Beginning at the line that includes "by rewrite fnull", print each remaining line of the data word for word. Output nothing else.

[Opening Input data section]

(* Let $\mathcal{B}$ be a $\sigma$-algebra on a nonempty set $E$, and let $\nu$ be a maxitive measure on $\mathcal{B}$ having a $\mathcal{B}$-measurable cardinal density $c:E\to[0,\infty]$, i.e. $\nu(B)=\sup_{x\in B}c(x)$ for all $B\in\mathcal{B}$. Then for every maxitive measure $\tau$ on $\mathcal{B}$, $\nu\ll\tau$ if and only if $\nu\lll\tau$. In particular $\nu$ is autocontinuous, i.e. $\nu\lll\nu$.
   Context: A maxitive measure on $\mathcal{B}$ is a map $\nu:\mathcal{B}\to[0,\infty]$ with $\nu(\emptyset)=0$ and $\nu(B\cup B')=\max(\nu(B),\nu(B'))$ for all $B,B'\in\mathcal{B}$. A map $f:E\to[0,\infty]$ is $\mathcal{B}$-measurable if $\{f>t\}\in\mathcal{B}$ for all $t\geq 0$. For a maxitive measure $\tau$, a subset $N\subset E$ is $\tau$-negligible if $N\subset G$ for some $G\in\mathcal{B}$ with $\tau(G)=0$. The $\tau$-essential supremum of $f$ on $B$ is $\bigoplus^{\tau}_{x\in B}f(x)=\inf\{t>0: B\cap\{f>t\}\text{ is }\tau\text{-negligible}\}$ (with $\inf\emptyset=\infty$). We write $\nu\ll\tau$ if $\tau(B)=0$ implies $\nu(B)=0$ for all $B\in\mathcal{B}$, and $\nu\lll\tau$ if there exists a $\mathcal{B}$-measurable $f:E\to[0,\infty]$ (a relative density) with $\nu(B)=\bigoplus^{\tau}_{x\in B}f(x)$ for all $B\in\mathcal{B}$. *)

From mathcomp Require Import all_boot all_order all_algebra.
From mathcomp Require Import all_classical all_reals all_analysis.
Set Implicit Arguments. Unset Strict Implicit. Unset Printing Implicit Defensive.
Import Order.TTheory GRing.Theory Num.Theory.
Local Open Scope classical_set_scope.
Local Open Scope ring_scope.
Local Open Scope ereal_scope.

(* The sigma-algebra B on E is the one of a measurableType E. *)

Definition maxitive {d} {E : measurableType d} {R : realType}
  (nu : set E -> \bar R) : Prop :=
  nu set0 = 0 /\
  (forall B, measurable B -> 0 <= nu B) /\
  (forall B B', measurable B -> measurable B' ->
     nu (B `|` B') = maxe (nu B) (nu B')).

Definition Bmeasurable {d} {E : measurableType d} {R : realType}
  (f : E -> \bar R) : Prop :=
  (forall x, 0 <= f x) /\
  (forall t : R, (0 <= t)%R -> measurable [set x | (t%:E < f x)%E]).

Definition negligible {d} {E : measurableType d} {R : realType}
  (tau : set E -> \bar R) (N : set E) : Prop :=
  exists G, measurable G /\ tau G = 0 /\ N `<=` G.

(* tau-essential supremum of f on B (inf of the empty set is +oo) *)
Definition ess_sup_on {d} {E : measurableType d} {R : realType}
  (tau : set E -> \bar R) (f : E -> \bar R) (B : set E) : \bar R :=
  ereal_inf [set t%:E | t in [set t : R |
     (0 < t)%R /\ negligible tau (B `&` [set x | (t%:E < f x)%E])]].

(* supremum of f over B in [0,oo] (so the supremum over the empty set is 0) *)
Definition sup_on {d} {E : measurableType d} {R : realType}
  (f : E -> \bar R) (B : set E) : \bar R :=
  ereal_sup ([set 0] `|` (f @` B)).

Definition abs_cont {d} {E : measurableType d} {R : realType}
  (nu tau : set E -> \bar R) : Prop :=
  forall B, measurable B -> tau B = 0 -> nu B = 0.

Definition has_rel_density {d} {E : measurableType d} {R : realType}
  (nu tau : set E -> \bar R) : Prop :=
  exists f : E -> \bar R, Bmeasurable f /\
    forall B, measurable B -> nu B = ess_sup_on tau f B.

From mathcomp Require Import all_boot all_order all_algebra.
From mathcomp Require Import all_classical all_reals all_analysis.
Import Order.TTheory GRing.Theory Num.Theory.
Local Open Scope classical_set_scope.
Local Open Scope ereal_scope.

(* A relative density never charges a tau-null set, so nu <<< tau always gives
   nu << tau.  Conversely, if nu << tau then the cardinal density c is itself a
   relative density: a value c x > t at a point x of a tau-null set G would give
   nu G >= c x > 0, so discarding tau-null sets does not lower the supremum of c,
   while the essential supremum never exceeds the plain one. *)

Section essential_supremum.
Context {d : measure_display} {E : measurableType d} {R : realType}.
Variable tau : set E -> \bar R.

Lemma ess_sup_on_ge0 (f : E -> \bar R) (B : set E) : 0 <= ess_sup_on tau f B.
Proof.
by apply: le_ereal_inf_tmp => _ [t [t0 _] <-]; rewrite lee_fin ltW.
Qed.

Lemma ess_sup_on_negligible (f : E -> \bar R) (B : set E) :
  negligible tau B -> ess_sup_on tau f B = 0.
Proof.
move=> [G [mG tG BG]]; apply/eqP; rewrite eq_le ess_sup_on_ge0 andbT.
apply/lee_addgt0Pr => e e0; rewrite add0e.
apply: ereal_inf_lbound; exists e => //; split => //.
by exists G; split => //; split => // x [/BG].
Qed.

Lemma ess_sup_on_le_sup_on (f : E -> \bar R) (B : set E) :
  tau set0 = 0 -> ess_sup_on tau f B <= sup_on f B.
Proof.
move=> tau0.
have f_le x : B x -> f x <= sup_on f B.
  by move=> Bx; apply: ereal_sup_ubound; right; exists x.
have : 0 <= sup_on f B by apply: ereal_sup_ubound; left.
move: f_le; case: (sup_on f B) => [r| |] // f_le r0; last by rewrite leey.
apply/lee_addgt0Pr => e e0; apply: ereal_inf_lbound; exists (r + e)%R => //.
split; first by rewrite lee_fin in r0; apply: (le_lt_trans r0); rewrite ltrDl.
exists set0; split => //; split => // x [Bx fx].
by move: (f_le x Bx) => /(lt_le_trans fx); rewrite lte_fin ltNge lerDl ltW.
Qed.

Lemma sup_on_le_ess_sup_on (f : E -> \bar R) (B : set E) :
  (forall G, measurable G -> tau G = 0 -> sup_on f G = 0) ->
  sup_on f B <= ess_sup_on tau f B.
Proof.
move=> fnull; apply: le_ereal_inf_tmp => _ [t [t0 [G [mG [tG BG]]]] <-].
apply: ge_ereal_sup => _ [->|[x Bx <-]]; first by rewrite lee_fin ltW.
rewrite leNgt; apply/negP => ftx.
have : f x <= sup_on f G.
  by apply: ereal_sup_ubound; right; exists x => //; apply: BG.
by rewrite fnull // => /(lt_le_trans ftx); rewrite lte_fin ltNge ltW.
Qed.

End essential_supremum.

Lemma rel_density_abs_cont {d : measure_display} {E : measurableType d}
    {R : realType} (nu tau : set E -> \bar R) :
  has_rel_density nu tau -> abs_cont nu tau.
Proof.
move=> [f [_ nuf]] B mB tB; rewrite nuf //.
by apply: ess_sup_on_negligible; exists B; split.
Qed.

Lemma abs_cont_cardinal_density {d : measure_display} {E : measurableType d}
    {R : realType} (nu tau : set E -> \bar R) (c : E -> \bar R) :
  maxitive tau -> (forall B, measurable B -> nu B = sup_on c B) ->
  abs_cont nu tau -> forall B, measurable B -> nu B = ess_sup_on tau c B.
Proof.
move=> [tau0 _] nuc nu_tau B mB; apply/eqP; rewrite eq_le nuc //.
rewrite ess_sup_on_le_sup_on // andbT.
by apply: sup_on_le_ess_sup_on => G mG tG; rewrite -nuc //; apply: nu_tau.
Qed.

Theorem proposition3p2 (d : measure_display) (E : measurableType d)
  (R : realType) (x0 : E) (nu : set E -> \bar R) (c : E -> \bar R) :
  maxitive nu ->
  Bmeasurable c ->
  (forall B, measurable B -> nu B = sup_on c B) ->
  (forall tau : set E -> \bar R, maxitive tau ->
     (abs_cont nu tau <-> has_rel_density nu tau))
  /\ has_rel_density nu nu.
Proof.
move=> max_nu mc nuc.
have equiv tau : maxitive tau -> abs_cont nu tau <-> has_rel_density nu tau.
  move=> max_tau; split; last exact: rel_density_abs_cont.
  by move=> nu_tau; exists c; split => //; apply: abs_cont_cardinal_density.
by split => //; apply/(equiv _ max_nu).
Qed.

[Closing Input data section]

- **Exercise response**:
by rewrite fnull // => /(lt_le_trans ftx); rewrite lte_fin ltNge ltW.
Qed.

End essential_supremum.

Lemma rel_density_abs_cont {d : measure_display} {E : measurableType d}
    {R : realType} (nu tau : set E -> \bar R) :
  has_rel_density nu tau -> abs_cont nu tau.
Proof.
move=> [f [_ nuf]] B mB tB; rewrite nuf //.
by apply: ess_sup_on_negligible; exists B; split.
Qed.

Lemma abs_cont_cardinal_density {d : measure_display} {E : measurableType d}
    {R : realType} (nu tau : set E -> \bar R) (c : E -> \bar R) :
  maxitive tau -> (forall B, measurable B -> nu B = sup_on c B) ->
  abs_cont nu tau -> forall B, measurable B -> nu B = ess_sup_on tau c B.
Proof.
move=> [tau0 _] nuc nu_tau B mB; apply/eqP; rewrite eq_le nuc //.
rewrite ess_sup_on_le_sup_on // andbT.
by apply: sup_on_le_ess_sup_on => G mG tG; rewrite -nuc //; apply: nu_tau.
Qed.

Theorem proposition3p2 (d : measure_display) (E : measurableType d)
  (R : realType) (x0 : E) (nu : set E -> \bar R) (c : E -> \bar R) :
  maxitive nu ->
  Bmeasurable c ->
  (forall B, measurable B -> nu B = sup_on c B) ->
  (forall tau : set E -> \bar R, maxitive tau ->
     (abs_cont nu tau <-> has_rel_density nu tau))
  /\ has_rel_density nu nu.
Proof.
move=> max_nu mc nuc.
have equiv tau : maxitive tau -> abs_cont nu tau <-> has_rel_density nu tau.
  move=> max_tau; split; last exact: rel_density_abs_cont.
  by move=> nu_tau; exists c; split => //; apply: abs_cont_cardinal_density.
by split => //; apply/(equiv _ max_nu).
Qed.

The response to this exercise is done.